The family law industry is facing a dramatic change to the tax impact of divorce following the passage of The Tax Cuts and Jobs Act of 2017, signed into law on December 22, 2017. Under the new legislation, for divorce decrees executed after December 31, 2018, alimony becomes tax neutral, meaning there are no tax consequences to either party, much like child support. The repeal of the alimony tax deduction does not affect existing alimony obligations or divorces finalized prior to January 1, 2019.
This change in legislation eliminates an income-shifting effect that often results in tax savings to the former family unit, a setup that can reduce the financial burden of spousal support on the paying spouse. In instances where the income is not sufficient to meet the parties’ needs, the new legislation may have more of an impact on the lower income spouse. While the amount of alimony awarded may be less under the new tax neutral treatment, the net income available to meet living expenses may also be lower, as illustrated in Table 1.

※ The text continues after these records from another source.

(* Let $Q=(q_n)_{n\ge1}$ be a basic sequence that is infinite in limit, and let $F$ be a $Q$-special sequence. Then $x_F$ is $Q$-distribution normal, i.e. the sequence $\left(q_1q_2\cdots q_n x_F \bmod 1\right)_{n=0}^{\infty}$ is uniformly distributed in $[0,1)$.
   Context: A basic sequence is a sequence $Q=(q_n)_{n\ge1}$ of integers with $q_n\ge 2$; it is infinite in limit if $q_n\to\infty$. $\mathbb{N}$ denotes the positive integers. For each positive integer $j$ let $\nu_j=\min\{N : q_m\ge 2j^2 \text{ for all } m\ge N\}$. Define $l_1=\max(\nu_2-1,1)$ and, recursively for $i\ge 2$, $l_i=\max\big(\min\{k\in\mathbb{N} : l_1+2l_2+\cdots+(i-1)l_{i-1}+ik\ge \nu_{i+1}-1\},1\big)$. Put $L_i=\sum_{j=1}^i jl_j$ (with $L_0=0$). Let $S_Q=\{(a,b,c)\in\mathbb{N}^3 : b\le l_a,\ c\le a\}$ and $\phi_Q(a,b,c)=L_{a-1}+(b-1)a+c$; $\phi_Q$ is a bijection $S_Q\to\mathbb{N}$. A $Q$-special sequence is a family of integers $F=(F_{(a,b,c)})_{(a,b,c)\in S_Q}$ with $F_{(a,b,1)}=0$ for all $(a,b,1)\in S_Q$ and $\frac{F_{(a,b,c)}}{q_{\phi_Q(a,b,c)}}\in\left[\frac{c-1}{a}-\frac{1}{2a^2},\frac{c-1}{a}+\frac{1}{2a^2}\right]$ for $(a,b,c)\in S_Q$ with $c>1$. For such $F$ put $E_{F,n}=F_{\phi_Q^{-1}(n)}$ and $x_F=\sum_{n=1}^\infty \frac{E_{F,n}}{q_1q_2\cdots q_n}$. *)

From Stdlib Require Import Reals Lra Lia Arith ZArith ClassicalEpsilon.
From Coquelicot Require Import Coquelicot.
Open Scope R_scope.

(* A basic sequence is q : nat -> nat, indexed from 1 (q 0 is unused). *)
Definition basic_sequence (q : nat -> nat) : Prop :=
  forall n : nat, (1 <= n)%nat -> (2 <= q n)%nat.

Definition infinite_in_limit (q : nat -> nat) : Prop :=
  forall M : nat, exists N : nat, forall n : nat, (N <= n)%nat -> (M <= q n)%nat.

(* Least natural number satisfying P (meaningful when P is inhabited). *)
Definition minN (P : nat -> Prop) : nat :=
  epsilon (inhabits 0%nat) (fun n => P n /\ forall m, P m -> (n <= m)%nat).

Definition nu (q : nat -> nat) (j : nat) : nat :=
  minN (fun N => (1 <= N)%nat /\ forall m, (N <= m)%nat -> (2 * j * j <= q m)%nat).

Fixpoint lL (q : nat -> nat) (i : nat) : nat * nat :=
  match i with
  | O => (0%nat, 0%nat)
  | S i' =>
      let Lprev := snd (lL q i') in
      let li :=
        match i' with
        | O => Nat.max (nu q 2 - 1) 1
        | _ => Nat.max
                 (minN (fun k => (1 <= k)%nat /\ (nu q (i + 1) - 1 <= Lprev + i * k)%nat))
                 1
        end in
      (li, (Lprev + i * li)%nat)
  end.

Definition l_seq (q : nat -> nat) (i : nat) : nat := fst (lL q i).
Definition L_seq (q : nat -> nat) (i : nat) : nat := snd (lL q i).

Definition in_SQ (q : nat -> nat) (a b c : nat) : Prop :=
  (1 <= a)%nat /\ (1 <= b)%nat /\ (1 <= c)%nat /\ (b <= l_seq q a)%nat /\ (c <= a)%nat.

Definition phiQ (q : nat -> nat) (a b c : nat) : nat :=
  (L_seq q (a - 1) + (b - 1) * a + c)%nat.

Definition phiQ_inv (q : nat -> nat) (n : nat) : nat * nat * nat :=
  epsilon (inhabits (0%nat, 0%nat, 0%nat))
    (fun t => let '(a, b, c) := t in in_SQ q a b c /\ phiQ q a b c = n).

(* Q-special sequence F : (a,b,c) |-> integer (values off S_Q irrelevant). *)
Definition Q_special (q : nat -> nat) (F : nat -> nat -> nat -> Z) : Prop :=
  forall a b c : nat, in_SQ q a b c ->
    (c = 1%nat -> F a b c = 0%Z) /\
    ((1 < c)%nat ->
       INR (c - 1) / INR a - 1 / (2 * INR a ^ 2)
         <= IZR (F a b c) / INR (q (phiQ q a b c))
       /\ IZR (F a b c) / INR (q (phiQ q a b c))
         <= INR (c - 1) / INR a + 1 / (2 * INR a ^ 2)).

Definition E_F (q : nat -> nat) (F : nat -> nat -> nat -> Z) (n : nat) : Z :=
  let '(a, b, c) := phiQ_inv q n in F a b c.

Fixpoint qprod (q : nat -> nat) (n : nat) : R :=
  match n with
  | O => 1
  | S n' => qprod q n' * INR (q n)
  end.

Definition x_F (q : nat -> nat) (F : nat -> nat -> nat -> Z) : R :=
  Series (fun k => IZR (E_F q F (S k)) / qprod q (S k)).

Fixpoint count_in (y : nat -> R) (a b : R) (N : nat) : nat :=
  match N with
  | O => O
  | S N' => (count_in y a b N' +
             (if Rle_dec a (y N') then if Rlt_dec (y N') b then 1 else 0 else 0))%nat
  end.

Definition uniformly_distributed (y : nat -> R) : Prop :=
  forall a b : R, 0 <= a -> a < b -> b <= 1 ->
    is_lim_seq (fun N => INR (count_in y a b N) / INR N) (b - a).

Definition Q_distribution_normal (q : nat -> nat) (x : R) : Prop :=
  uniformly_distributed (fun n => frac_part (qprod q n * x)).

From Stdlib Require Import Reals ZArith Lra Lia Arith Classical ClassicalEpsilon.
From Coquelicot Require Import Coquelicot.
Open Scope R_scope.

(* Group the indices into blocks: block a consists of l_a rounds of a
   consecutive indices, and the l_i are chosen so that q_m >= 2a^2 at every
   index m of block a.  At the j-th index n of a round (0 <= j < a) the digit
   gives E_{F,n+1} / q_{n+1} within 1/(2a^2) of j/a, and the tail of the Cantor
   series adds at most 1/q_{n+1} <= 1/(2a^2), so q_1...q_n x_F mod 1 lies within
   1/a^2 of j/a.  Hence every round puts (beta - alpha) a + O(1) of its points
   into [alpha, beta), and after N points the discrepancy is O(rounds so far)
   + O(a).  Both are o(N): l_i >= 1 gives L_a >= a(a+1)/2, and the blocks beyond
   a fixed K contribute at most N/K rounds. *)

Lemma minN_spec (P : nat -> Prop) :
  (exists n, P n) -> P (minN P) /\ forall m, P m -> (minN P <= m)%nat.
Proof.
  intros [n Hn]; unfold minN; apply epsilon_spec.
  induction n as [n IH] using lt_wf_ind.
  destruct (classic (exists m, (m < n)%nat /\ P m)) as [[m [Hm Pm]] | Hno].
  - exact (IH m Hm Pm).
  - exists n; split; [exact Hn |].
    intros m Pm; destruct (le_lt_dec n m); [assumption |].
    exfalso; apply Hno; eauto.
Qed.

(** * The block structure of the index set *)

Section Blocks.

Variable q : nat -> nat.

Lemma L_seq_S i : L_seq q (S i) = (L_seq q i + S i * l_seq q (S i))%nat.
Proof. reflexivity. Qed.

Lemma l_seq_pos i : (1 <= l_seq q (S i))%nat.
Proof. destruct i; cbn [l_seq lL fst]; lia. Qed.

Lemma L_seq_lt i j : (i < j)%nat -> (L_seq q i < L_seq q j)%nat.
Proof.
  induction j as [|j IH]; intros Hij; [lia |].
  rewrite L_seq_S; pose proof (l_seq_pos j).
  destruct (Nat.eq_dec i j) as [-> | Hne]; [nia |].
  specialize (IH ltac:(lia)); nia.
Qed.

Lemma L_seq_triangular i : (i * (i + 1) <= 2 * L_seq q i)%nat.
Proof.
  induction i as [|i IH]; [cbn; lia |].
  rewrite L_seq_S; pose proof (l_seq_pos i); nia.
Qed.

Lemma L_seq_bracket N : exists a, (L_seq q a <= N < L_seq q (S a))%nat.
Proof.
  assert (Hall : forall i, (N < L_seq q i)%nat ->
                   exists a, (L_seq q a <= N < L_seq q (S a))%nat).
  { induction i as [|i IH]; intros HN; [cbn in HN; lia |].
    destruct (le_lt_dec (L_seq q i) N); [exists i; lia | exact (IH ltac:(lia))]. }
  apply (Hall (S N)); pose proof (L_seq_triangular (S N)); nia.
Qed.

Lemma index_decompose N : exists a b k,
  (b < l_seq q (S a))%nat /\ (k <= a)%nat /\ N = (L_seq q a + b * S a + k)%nat.
Proof.
  destruct (L_seq_bracket N) as [a Ha]; rewrite L_seq_S in Ha.
  set (r := (N - L_seq q a)%nat).
  exists a, (r / S a)%nat, (r mod S a).
  pose proof (Nat.div_mod_eq r (S a)); pose proof (Nat.mod_upper_bound r (S a) ltac:(lia)).
  assert ((r / S a < l_seq q (S a))%nat)
    by (apply Nat.Div0.div_lt_upper_bound; unfold r; lia).
  unfold r in *; lia.
Qed.

Lemma phiQ_range a b c : in_SQ q a b c ->
  (L_seq q (a - 1) < phiQ q a b c <= L_seq q a)%nat.
Proof.
  unfold in_SQ, phiQ; intros (Ha & Hb & Hc & Hbl & Hca).
  destruct a as [|a]; [lia |].
  rewrite L_seq_S; replace (S a - 1)%nat with a by lia.
  assert ((b - 1) * S a <= (l_seq q (S a) - 1) * S a)%nat by (apply Nat.mul_le_mono_r; lia).
  nia.
Qed.

Lemma phiQ_inj a b c a' b' c' : in_SQ q a b c -> in_SQ q a' b' c' ->
  phiQ q a b c = phiQ q a' b' c' -> a = a' /\ b = b' /\ c = c'.
Proof.
  intros H H' E.
  pose proof (phiQ_range a b c H); pose proof (phiQ_range a' b' c' H').
  assert (Hblock : forall i j, (1 <= i < j)%nat -> (L_seq q i <= L_seq q (j - 1))%nat).
  { intros i j Hij; destruct (Nat.eq_dec i (j - 1)) as [<- | ?]; [lia |].
    apply Nat.lt_le_incl, L_seq_lt; lia. }
  assert (a = a') as <-.
  { destruct H as [Ha _], H' as [Ha' _].
    destruct (lt_eq_lt_dec a a') as [[Hlt | ] | Hlt]; [| assumption |];
      [pose proof (Hblock a a') | pose proof (Hblock a' a)]; lia. }
  unfold phiQ, in_SQ in *.
  assert (b = b') as <-.
  { destruct (lt_eq_lt_dec b b') as [[Hlt | ] | Hlt]; [| assumption |];
      [assert ((b - 1) * a + a <= (b' - 1) * a)%nat | assert ((b' - 1) * a + a <= (b - 1) * a)%nat];
      nia. }
  lia.
Qed.

Lemma phiQ_surj m : (1 <= m)%nat -> exists a b c, in_SQ q a b c /\ phiQ q a b c = m.
Proof.
  intros Hm; destruct (index_decompose (m - 1)) as (a & b & k & Hb & Hk & E).
  exists (S a), (S b), (S k); unfold in_SQ, phiQ.
  replace (S a - 1)%nat with a by lia; replace (S b - 1)%nat with b by lia.
  lia.
Qed.

Lemma E_F_phiQ F a b c : in_SQ q a b c -> E_F q F (phiQ q a b c) = F a b c.
Proof.
  intros H; unfold E_F, phiQ_inv.
  set (P := fun t : nat * nat * nat =>
              let '(a0, b0, c0) := t in in_SQ q a0 b0 c0 /\ phiQ q a0 b0 c0 = phiQ q a b c).
  assert (Ht : P (epsilon (inhabits (0%nat, 0%nat, 0%nat)) P))
    by (apply epsilon_spec; exists (a, b, c); cbn; auto).
  destruct (epsilon _ P) as [[a0 b0] c0]; destruct Ht as [H0 E0].
  destruct (phiQ_inj a0 b0 c0 a b c H0 H E0) as (-> & -> & ->); reflexivity.
Qed.

End Blocks.

Lemma q_ge_2 q m : basic_sequence q -> (1 <= m)%nat -> 2 <= INR (q m).
Proof. intros Hq Hm; apply (le_INR 2), Hq, Hm. Qed.

Section Thresholds.

Variable q : nat -> nat.
Hypothesis q_basic : basic_sequence q.
Hypothesis q_infinite : infinite_in_limit q.

Lemma nu_spec j :
  (1 <= nu q j)%nat /\ forall m, (nu q j <= m)%nat -> (2 * j * j <= q m)%nat.
Proof.
  apply (minN_spec (fun N => (1 <= N)%nat /\ forall m, (N <= m)%nat -> (2 * j * j <= q m)%nat)).
  destruct (q_infinite (2 * j * j)%nat) as [N HN].
  exists (Nat.max 1 N); split; [lia |]; intros m Hm; apply HN; lia.
Qed.

Lemma nu_1 : (nu q 1 <= 1)%nat.
Proof.
  apply (minN_spec (fun N => (1 <= N)%nat /\ forall m, (N <= m)%nat -> (2 * 1 * 1 <= q m)%nat));
    [exists 1%nat |]; split; try lia; intros m Hm; specialize (q_basic m Hm); lia.
Qed.

(* The recursion defining l_i is designed exactly so that nu_{i+1} <= L_i + 1. *)
Lemma nu_le_L_seq i : (nu q (S i) - 1 <= L_seq q i)%nat.
Proof.
  destruct i as [|[|i]].
  - pose proof nu_1; cbn; lia.
  - cbn; lia.
  - set (P := fun k => (1 <= k)%nat /\
                (nu q (S (S i) + 1) - 1 <= L_seq q (S i) + S (S i) * k)%nat).
    change (nu q (S (S (S i))) - 1 <= L_seq q (S i) + S (S i) * Nat.max (minN P) 1)%nat.
    destruct (minN_spec P) as [[_ HP] _];
      [exists (nu q (S (S i) + 1)); split; [apply nu_spec | nia] |].
    replace (S (S (S i))) with (S (S i) + 1)%nat by lia; nia.
Qed.

Lemma q_ge_block a m : (1 <= a)%nat -> (L_seq q (a - 1) < m)%nat -> (2 * a * a <= q m)%nat.
Proof.
  intros Ha Hm; destruct a as [|a]; [lia |].
  pose proof (nu_le_L_seq a); replace (S a - 1)%nat with a in Hm by lia.
  apply (nu_spec (S a)); lia.
Qed.

End Thresholds.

The alimony tax deduction has long been used in settlement negotiations to help facilitate an agreement. The repeal of the alimony tax deduction may make settlement negotiations more difficult, as the paying spouse may have less flexibility in creating an agreement regarding alimony. In the absence of the tax deduction, it could become more expensive for the paying spouse and reduce the amount that individual is willing to pay.
The construction of settlement offers may change dramatically under the new law, especially for wealthier clients. There may be a new incentive to structure offers with an unequal distribution of assets in exchange for reducing or eliminating alimony.
Under the new law, it appears that the logical result from this change would be the elimination of alimony recapture for alimony originating under the new law, as the concern for disguising equitable distribution payments as alimony is diminished in the absence of the alimony tax deduction.
Divorcing spouses often agree to stay married through the end of the year to take advantage of filing a joint income tax return. In 2018, this option may require much more consideration than in the past. The new legislation could also result in an influx of divorce cases this year, as it applies to alimony obligations that arise from court orders and decrees executed after December 31, 2018.
The repeal of the alimony tax deduction is just one of several changes in legislation that can impact family law matters. Although we don’t know all of the implications this legislation will have, we do know that the future of tax-related issues in divorce will be a hot topic.